My ideal scenario is as follows:
- Automatically trigger ADC conversions at a rate of 44.1 kHz using Timer_A0.
- When each conversion is completed, automatically transfer sample to memory.
The problem I am running into is that I can't get the ADC to trigger automatically using a timer. I can't find any example code that doesn't use the DriverLib API.
So FOR NOW, I am trying to manually trigger a conversion at 44.1 kHz using a timer interrupt. I configured Timer_A0 in UP mode, with a CCR0 value that triggers a timer overflow interrupt at a rate of 44.1 kHz. So my timer is working perfectly, but when I start a conversion inside my timer interrupt function (and manually store the data inside a conversion complete interrupt), I get wonky ADC results when I look at the data after pausing the program.

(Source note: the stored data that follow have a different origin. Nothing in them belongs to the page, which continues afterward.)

(* For $n\ge 3$, the commutator subgroup $[B_n,B_n]$ is densely ordered by the (restriction of the) Dehornoy ordering; i.e. it has no least positive element, equivalently for any $f<g$ in $[B_n,B_n]$ there is $h\in[B_n,B_n]$ with $f<h<g$.
   Context: $B_n$ is the Artin braid group with generators $\sigma_1,\dots,\sigma_{n-1}$. A word in the generators is $i$-positive if it contains only $\sigma_1,\dots,\sigma_i$ and their inverses, $\sigma_i$ occurs, and every occurrence of $\sigma_i$ has positive exponent; a braid is $i$-positive if some representative word is. The Dehornoy ordering is the left-invariant total order on $B_n$ whose positive cone consists of all braids that are $i$-positive for some $i$. *)

From mathcomp Require Import all_boot.
From Stdlib Require Import Relations.
Set Implicit Arguments. Unset Strict Implicit. Unset Printing Implicit Defensive.

(* A letter of B_n: (k, e) with k : 'I_n.-1 stands for sigma_(k+1)^(+1) if
   e = true and sigma_(k+1)^(-1) if e = false. *)
Definition bletter (n : nat) := ('I_n.-1 * bool)%type.
Definition bword (n : nat) := seq (bletter n).

Inductive braid_step (n : nat) : bword n -> bword n -> Prop :=
| bs_free (u v : bword n) (a : 'I_n.-1) (e : bool) :
    braid_step (u ++ [:: (a, e); (a, ~~ e)] ++ v) (u ++ v)
| bs_far (u v : bword n) (a b : 'I_n.-1) :
    (a.+1 < b)%N ->
    braid_step (u ++ [:: (a, true); (b, true)] ++ v) (u ++ [:: (b, true); (a, true)] ++ v)
| bs_braid (u v : bword n) (a b : 'I_n.-1) :
    nat_of_ord b = (nat_of_ord a).+1 ->
    braid_step (u ++ [:: (a, true); (b, true); (a, true)] ++ v)
               (u ++ [:: (b, true); (a, true); (b, true)] ++ v).

Definition braid_eq (n : nat) : relation (bword n) :=
  clos_refl_sym_trans (bword n) (@braid_step n).

Definition binv (n : nat) (w : bword n) : bword n :=
  rev (map (fun l : bletter n => (l.1, ~~ l.2)) w).

(* i-positive word (i = k+1): only sigma_1..sigma_(k+1)^{+-1} occur,
   sigma_(k+1) occurs, and only with positive exponent. *)
Definition ipositive_word (n : nat) (k : 'I_n.-1) (w : bword n) : Prop :=
  (forall l, l \in w -> (nat_of_ord l.1 <= k)%N) /\
  (k, true) \in w /\ (k, false) \notin w.

Definition dehornoy_pos (n : nat) (w : bword n) : Prop :=
  exists w' : bword n, braid_eq w w' /\ exists k : 'I_n.-1, ipositive_word k w'.

Definition dehornoy_lt (n : nat) (f g : bword n) : Prop :=
  dehornoy_pos (binv f ++ g).

Definition bcomm (n : nat) (a b : bword n) : bword n :=
  binv a ++ binv b ++ a ++ b.

Definition in_commutator_subgroup (n : nat) (w : bword n) : Prop :=
  exists ps : seq (bword n * bword n),
    braid_eq w (flatten (map (fun p => bcomm p.1 p.2) ps)).

(* An element f^-1 g of the commutator subgroup has exponent sum zero, so it
   cannot be sigma_1-positive: it is sigma_i-positive for some i >= 2, and is
   represented by a word u sigma_i v with u in sigma_1, ..., sigma_(i-1).
   Writing a = sigma_(i-1) and b = sigma_i, the element q = u a^-1 b u^-1 is
   the conjugate by u of the commutator [a, (a b)^-1], and it is i-positive.
   Put h = f q.  Then f^-1 h = q is i-positive, and by the braid relation
   b^-1 a b = a b a^-1 also h^-1 g = u b^-1 a b v = u a b a^-1 v is. *)
From Stdlib Require Import Relations Setoid Morphisms Lia.
From mathcomp Require Import all_boot zify.
Set Implicit Arguments. Unset Strict Implicit. Unset Printing Implicit Defensive.

Section BraidWords.
Variable n : nat.
Local Notation word := (bword n).

Lemma braid_eq_ctx (x y w w' : word) :
  braid_eq w w' -> braid_eq (x ++ w ++ y) (x ++ w' ++ y).
Proof.
have ctxA (u v l : word) : x ++ (u ++ l ++ v) ++ y = (x ++ u) ++ l ++ (v ++ y).
  by rewrite !catA.
elim=> [{}w {}w' st|{}w|{}w {}w' _ IH|w1 w2 w3 _ IH1 _ IH2].
- apply: rst_step; case: st => [u v a e|u v a b ab|u v a b ab].
  + have -> : x ++ (u ++ v) ++ y = (x ++ u) ++ (v ++ y) by rewrite !catA.
    by rewrite ctxA; apply: bs_free.
  + by rewrite !ctxA; apply: bs_far.
  + by rewrite !ctxA; apply: bs_braid.
- exact: rst_refl.
- exact: rst_sym.
- exact: rst_trans IH2.
Qed.

Lemma braid_eq_cat (w1 w1' w2 w2' : word) :
  braid_eq w1 w1' -> braid_eq w2 w2' -> braid_eq (w1 ++ w2) (w1' ++ w2').
Proof.
move=> e1 e2; apply: rst_trans (_ : braid_eq (w1' ++ w2) _).
  by have := braid_eq_ctx [::] w2 e1.
by have := braid_eq_ctx w1' [::] e2; rewrite !cats0.
Qed.

Lemma braid_eq_free (x y : word) a e :
  braid_eq (x ++ [:: (a, e); (a, ~~ e)] ++ y) (x ++ y).
Proof. exact/rst_step/bs_free. Qed.

Lemma braid_eq_braid (x y : word) (a b : 'I_n.-1) : nat_of_ord b = a.+1 ->
  braid_eq (x ++ [:: (a, true); (b, true); (a, true)] ++ y)
           (x ++ [:: (b, true); (a, true); (b, true)] ++ y).
Proof. by move=> ab; apply/rst_step/bs_braid. Qed.

Lemma binv_cat (w1 w2 : word) : binv (w1 ++ w2) = binv w2 ++ binv w1.
Proof. by rewrite /binv map_cat rev_cat. Qed.

Lemma binvK : involutive (@binv n).
Proof.
move=> w; rewrite /binv map_rev revK -map_comp map_id_in // => -[a e] _ /=.
by rewrite negbK.
Qed.

Lemma binv_conj (u w : word) : binv (u ++ w ++ binv u) = u ++ binv w ++ binv u.
Proof. by rewrite !binv_cat binvK catA. Qed.

Lemma binvKl (u w : word) : braid_eq (binv u ++ u ++ w) w.
Proof.
elim: u w => [|[a e] u IH] w /=; first exact: rst_refl.
rewrite -cat1s binv_cat -!catA /=.
apply: rst_trans (IH w).
by have := braid_eq_free (binv u) (u ++ w) a (~~ e); rewrite negbK.
Qed.

End BraidWords.

#[global] Instance braid_eq_Equivalence n : Equivalence (@braid_eq n).
Proof. split; [exact: rst_refl | exact: rst_sym | exact: rst_trans]. Qed.

#[global] Instance cat_braid_eq_Proper n :
  Proper (@braid_eq n ==> @braid_eq n ==> @braid_eq n) (@cat (bletter n)).
Proof. by move=> ? ? e1 ? ? e2; apply: braid_eq_cat. Qed.

Section AdjacentGenerators.
Variables (n : nat) (a b : 'I_n.-1).
Hypothesis ab : nat_of_ord b = (nat_of_ord a).+1.

Lemma braid_eq_conj_adj :
  braid_eq [:: (b, false); (a, true); (b, true)] [:: (a, true); (b, true); (a, false)].
Proof.
have braid := braid_eq_braid [:: (b, false)] [:: (a, false)] ab.
have := braid_eq_free [:: (b, false); (a, true); (b, true)] [::] a true.
rewrite cats0 => <-; rewrite [X in braid_eq X _]braid.
exact: braid_eq_free [::] [:: (a, true); (b, true); (a, false)] b false.
Qed.

Lemma bcomm_adj :
  braid_eq (bcomm [:: (a, true)] [:: (b, false); (a, false)]) [:: (a, false); (b, true)].
Proof.
have braid := braid_eq_braid [:: (a, false)] [:: (b, false); (a, false)] ab.
have free := braid_eq_free [:: (a, false); (b, true); (a, true)] [:: (a, false)] b true.
rewrite [X in braid_eq X _]braid [X in braid_eq X _]free.
by have := braid_eq_free [:: (a, false); (b, true)] [::] a true; rewrite cats0.
Qed.

End AdjacentGenerators.

Section ExponentSum.
Variable n : nat.
Local Notation word := (bword n).

Definition count_pos (w : word) := count (fun l : bletter n => l.2) w.
Definition count_neg (w : word) := count (fun l : bletter n => ~~ l.2) w.

Lemma braid_eq_count (w w' : word) :
  braid_eq w w' -> count_pos w + count_neg w' = count_pos w' + count_neg w.
Proof.
rewrite /count_pos /count_neg.
elim=> [? ? st|?|? ? _ IH|? ? ? _ IH1 _ IH2]; try lia.
by case: st => *; rewrite !count_cat /=; lia.
Qed.

Lemma count_pos_cat (w1 w2 : word) : count_pos (w1 ++ w2) = count_pos w1 + count_pos w2.
Proof. exact: count_cat. Qed.

Lemma count_neg_cat (w1 w2 : word) : count_neg (w1 ++ w2) = count_neg w1 + count_neg w2.
Proof. exact: count_cat. Qed.

Lemma count_pos_binv (w : word) : count_pos (binv w) = count_neg w.
Proof. by rewrite /count_pos /binv count_rev count_map. Qed.

Lemma count_neg_binv (w : word) : count_neg (binv w) = count_pos w.
Proof. by rewrite -{2}[w]binvK count_pos_binv. Qed.

Definition balanced (w : word) := count_pos w = count_neg w.

Lemma balanced_braid_eq (w w' : word) : braid_eq w w' -> balanced w -> balanced w'.
Proof. by move=> /braid_eq_count; rewrite /balanced; lia. Qed.

Lemma balanced_cat (w1 w2 : word) : balanced w1 -> balanced w2 -> balanced (w1 ++ w2).
Proof. by rewrite /balanced count_pos_cat count_neg_cat; lia. Qed.

Lemma balanced_binv (w : word) : balanced w -> balanced (binv w).
Proof. by rewrite /balanced count_pos_binv count_neg_binv. Qed.

Lemma balanced_bcomm (x y : word) : balanced (bcomm x y).
Proof.
rewrite /balanced /bcomm !(count_pos_cat, count_neg_cat).
by rewrite !count_pos_binv !count_neg_binv; lia.
Qed.

Lemma commutator_subgroup_balanced (w : word) :
  in_commutator_subgroup w -> balanced w.
Proof.
case=> ps e; apply: balanced_braid_eq (rst_sym _ _ _ _ e) _ => {e}.
by elim: ps => [|p ps IH] //=; apply: balanced_cat (balanced_bcomm _ _) IH.
Qed.

Lemma commutator_subgroup_braid_eq (w w' : word) :
  braid_eq w w' -> in_commutator_subgroup w' -> in_commutator_subgroup w.
Proof. by move=> e [ps e']; exists ps; rewrite e. Qed.

Lemma commutator_subgroup_cat (w1 w2 : word) :
  in_commutator_subgroup w1 -> in_commutator_subgroup w2 ->
  in_commutator_subgroup (w1 ++ w2).
Proof.
case=> ps1 e1 [ps2 e2]; exists (ps1 ++ ps2).
by rewrite map_cat flatten_cat e1 e2; reflexivity.
Qed.

Lemma commutator_subgroup_bcomm (x y : word) : in_commutator_subgroup (bcomm x y).
Proof. by exists [:: (x, y)]; rewrite /= cats0; reflexivity. Qed.

Lemma bcomm_conj (u x y : word) :
  braid_eq (bcomm (u ++ x ++ binv u) (u ++ y ++ binv u)) (u ++ bcomm x y ++ binv u).
Proof. by rewrite /bcomm !binv_conj -!catA !binvKl; reflexivity. Qed.

Lemma commutator_subgroup_conj_bcomm (u x y : word) :
  in_commutator_subgroup (u ++ bcomm x y ++ binv u).
Proof.
apply: commutator_subgroup_braid_eq (commutator_subgroup_bcomm _ _).
by symmetry; apply: bcomm_conj.
Qed.

End ExponentSum.

Section Positivity.
Variables (n : nat) (k : 'I_n.-1).
Local Notation word := (bword n).

Definition inonneg_word (w : word) :=
  (forall l, l \in w -> (nat_of_ord l.1 <= k)%N) /\ (k, false) \notin w.

Definition below_word (w : word) := all (fun l : bletter n => (nat_of_ord l.1 < k)%N) w.

Lemma below_nonneg (w : word) : below_word w -> inonneg_word w.
Proof.
move=> /allP lt; split=> [l /lt /ltnW //|]; apply/negP => /lt /=.
by rewrite ltnn.
Qed.

Lemma below_binv (w : word) : below_word w -> below_word (binv w).
Proof. by rewrite /below_word /binv all_rev all_map. Qed.

Lemma nonneg_cat (w1 w2 : word) :
  inonneg_word w1 -> inonneg_word w2 -> inonneg_word (w1 ++ w2).
Proof.
case=> le1 n1 [le2 n2]; split=> [l|]; last by rewrite mem_cat negb_or n1.
by rewrite mem_cat => /orP [/le1|/le2].
Qed.

Lemma below_cat (w1 w2 : word) : below_word (w1 ++ w2) = below_word w1 && below_word w2.
Proof. exact: all_cat. Qed.

Lemma ipositive_pivot (x y : word) :
  inonneg_word x -> inonneg_word y -> ipositive_word k (x ++ (k, true) :: y).
Proof.
case=> lex nx [ley ny]; split; last split.
- by move=> l; rewrite mem_cat in_cons => /or3P [/lex|/eqP ->|/ley].
- by rewrite mem_cat in_cons eqxx orbT.
- by rewrite mem_cat in_cons (negbTE nx) (negbTE ny) xpair_eqE andbF.
Qed.

Lemma dehornoy_pos_braid_eq (w w' : word) :
  braid_eq w w' -> dehornoy_pos w' -> dehornoy_pos w.
Proof. by move=> e [w'' [e' pw]]; exists w''; split=> //; rewrite e. Qed.

Lemma ipositive_dehornoy_pos (w : word) : ipositive_word k w -> dehornoy_pos w.
Proof. by move=> pw; exists w; split; [reflexivity | exists k]. Qed.

Lemma ipositive_split (w : word) : ipositive_word k w ->
  exists u v, w = u ++ (k, true) :: v /\ below_word u /\ inonneg_word v.
Proof.
move=> pw; have [le [kin notin]] := pw.
set i := index (k, true) w.
have ew : w = take i w ++ (k, true) :: drop i.+1 w.
  by rewrite -drop_index // cat_take_drop.
exists (take i w), (drop i.+1 w); split=> //; split.
- apply/allP => -[a e] l_in /=.
  have /le : (a, e) \in w by rewrite ew mem_cat l_in.
  rewrite leq_eqVlt => /orP [/eqP/val_inj /= ak|//]; move: l_in; rewrite ak.
  case: e => l_in.
    by move: l_in; rewrite in_take // -/i ltnn.
  by move: notin; rewrite ew mem_cat l_in.
- split=> [l l_in|]; first by apply: le; rewrite ew mem_cat in_cons l_in !orbT.
  by apply: contra notin => l_in; rewrite ew mem_cat in_cons l_in !orbT.
Qed.

Lemma balanced_ipositive_gt0 (w : word) :
  balanced w -> ipositive_word k w -> (0 < k)%N.
Proof.
move=> bal [le [kin notin]]; rewrite lt0n; apply/eqP => k0.
move: bal; rewrite /balanced.
have -> : count_neg w = 0.
  apply/eqP; rewrite -leqn0 leqNgt -has_count; apply/hasPn => -[a [] //] l_in /=.
  have ak : a = k by apply/ord_inj/eqP; rewrite eqn_leq (le _ l_in) k0.
  by move: notin; rewrite -ak l_in.
by apply/eqP; rewrite -lt0n /count_pos -has_count; apply/hasP; exists (k, true).
Qed.

End Positivity.

Section DenseStep.
Variables (n : nat) (a k : 'I_n.-1) (u : bword n).
Hypothesis ak : nat_of_ord k = (nat_of_ord a).+1.
Hypothesis u_below : below_word k u.

Definition dense_witness := u ++ [:: (a, false); (k, true)] ++ binv u.
Local Notation q := dense_witness.

Lemma dense_witness_commutator : in_commutator_subgroup q.
Proof.
have := commutator_subgroup_conj_bcomm u [:: (a, true)] [:: (k, false); (a, false)].
by apply: commutator_subgroup_braid_eq; apply: braid_eq_ctx; symmetry; apply: bcomm_adj.
Qed.

Lemma below_adj e : below_word k [:: (a, e)].
Proof. by rewrite /below_word /= ak ltnSn. Qed.

Lemma dense_witness_ipositive : ipositive_word k q.
Proof.
have -> : q = (u ++ [:: (a, false)]) ++ (k, true) :: binv u.
  by rewrite /dense_witness -catA.
apply: ipositive_pivot; apply: below_nonneg; last exact: below_binv.
by rewrite below_cat u_below below_adj.
Qed.

Lemma dense_witness_inv_cat (v : bword n) : inonneg_word k v ->
  dehornoy_pos (binv q ++ u ++ (k, true) :: v).
Proof.
move=> nv.
apply: (dehornoy_pos_braid_eq (w' := u ++ [:: (a, true); (k, true); (a, false)] ++ v)).
  rewrite /dense_witness binv_conj -!catA binvKl.
  exact: (braid_eq_ctx u v (braid_eq_conj_adj ak)).
have -> : u ++ [:: (a, true); (k, true); (a, false)] ++ v =
          (u ++ [:: (a, true)]) ++ (k, true) :: ([:: (a, false)] ++ v) by rewrite -catA.
apply/ipositive_dehornoy_pos/ipositive_pivot.
  by apply: below_nonneg; rewrite below_cat u_below below_adj.
exact/nonneg_cat/nv/below_nonneg/below_adj.
Qed.

End DenseStep.

Theorem proposition3p1 (n : nat) : (3 <= n)%N ->
  forall f g : bword n,
    in_commutator_subgroup f -> in_commutator_subgroup g ->
    dehornoy_lt f g ->
    exists h : bword n,
      in_commutator_subgroup h /\ dehornoy_lt f h /\ dehornoy_lt h g.
Proof.
move=> _ f g cf cg [w [ew [k pw]]].
have k_gt0 : (0 < k)%N.
  apply: (balanced_ipositive_gt0 _ pw); apply: (balanced_braid_eq ew).
  by apply: balanced_cat; [apply: balanced_binv|]; apply: commutator_subgroup_balanced.
pose a : 'I_n.-1 := Ordinal (leq_ltn_trans (leq_pred k) (ltn_ord k)).
have ak : nat_of_ord k = (nat_of_ord a).+1 by rewrite /= prednK.
have [u [v [wE [u_below nv]]]] := ipositive_split pw; subst w.
exists (f ++ dense_witness a k u); split; [|split].
- exact/commutator_subgroup_cat/dense_witness_commutator.
- apply: (dehornoy_pos_braid_eq (binvKl _ _)).
  exact/ipositive_dehornoy_pos/dense_witness_ipositive.
- rewrite /dehornoy_lt binv_cat -catA.
  apply: (dehornoy_pos_braid_eq (braid_eq_cat (reflexivity _) ew)).
  exact: dense_witness_inv_cat.
Qed.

Here is my code as of now:
#include "msp.h"
#define A0 BIT5
#define num_samples 100
#define startConversion() ADC14->CTL0 |= ADC14_CTL0_ENC | ADC14_CTL0_SC
#define startSampling() TIMER_A0->CCR[0] = 271 // Corresponds to 44.1 kHz sampling rate
#define stopSampling() TIMER_A0->CCR[0] = 0;
void VCORE1();
void FLASH_init();
void CLK_init();
void ADC_init();
void TIMER_init();
volatile uint16_t audio[num_samples];
volatile uint16_t i = 0;
void main(void)
{
WDT_A->CTL = WDT_A_CTL_PW | WDT_A_CTL_HOLD; // stop watchdog timer
//P2->DIR |= BIT7;
//Enable MCLK clock output on P4.3
//P4->DIR |= BIT3;
//P4->SEL0 |= BIT3;
VCORE1(); //Go to VCORE1 mode before setting clock to 48 MHz
FLASH_init();
CLK_init(); //Set clock to 48 MHz
ADC_init(); //Initializes ADC, waiting for Timer to start conversions
TIMER_init();
NVIC_EnableIRQ(ADC14_IRQn);
NVIC_EnableIRQ(TA0_0_IRQn);
__enable_irq();
startSampling();
while(1);
}
void ADC14_IRQHandler(void)
{
audio[i] = ADC14->MEM[0]; //Save sample, clears flag
}
void TA0_0_IRQHandler(void)
{
TIMER_A0->CCTL[0] &= ~TIMER_A_CCTLN_CCIFG; //Clear timer flag
//P2->OUT |= BIT7; //For testing timer
startConversion();
}
void VCORE1()
{
while(PCM->CTL1 & PCM_CTL1_PMR_BUSY);
PCM->CTL0 = PCM_CTL0_KEY_VAL | PCM_CTL0_AMR__AM_LDO_VCORE1;
while(PCM->CTL1 & PCM_CTL1_PMR_BUSY);
}
void FLASH_init()
{
//Configure Flash wait-state to 1 for both banks 0 & 1
FLCTL->BANK0_RDCTL = (FLCTL->BANK0_RDCTL & ~(FLCTL_BANK0_RDCTL_WAIT_MASK)) |
FLCTL_BANK0_RDCTL_WAIT_1;
FLCTL->BANK1_RDCTL = (FLCTL->BANK0_RDCTL & ~(FLCTL_BANK1_RDCTL_WAIT_MASK)) |
FLCTL_BANK1_RDCTL_WAIT_1;
}
void CLK_init()
{
//Set clock to 48 MHz
CS->KEY = CS_KEY_VAL; //Unlock CS registers
CS->CTL0 = CS_CTL0_DCOEN |
CS_CTL0_DCORSEL_5; //Choose 24MHz MHz clock speed
CS->CTL1 = CS_CTL1_SELS_3 |
CS_CTL1_SELM_3; //Use DCOCLK as source for MCLK, SMCLK + HSMCLK
CS->KEY = 0; //Re-lock CS registers
}
void ADC_init()
{
P5->DIR &= ~(A0); //Set ADC pin as input
P5->SEL0 |= A0; //Choose ADC as port function
P5->SEL1 |= A0;
ADC14->CTL0 = //ADC14_CTL0_SHS_1 | //Use TA0 to start conversion
ADC14_CTL0_SHP | //??
ADC14_CTL0_ON; //Turn ADC module on
ADC14->CTL1 = ADC14_CTL1_RES__14BIT; //Set 14-bit resolution
ADC14->IER0 = ADC14_IER0_IE0; //Enable interrupt when conversion on A0 is complete
}
void TIMER_init()
{
TIMER_A0->CCTL[0] = TIMER_A_CCTLN_CCIE; //Enable CC interrupt
TIMER_A0->CTL = TIMER_A_CTL_TASSEL_2 | //Select SMCLK as source for timer
TIMER_A_CTL_ID_2 | //Divide clock by 4 (this yields 6 MHz for the timer clock)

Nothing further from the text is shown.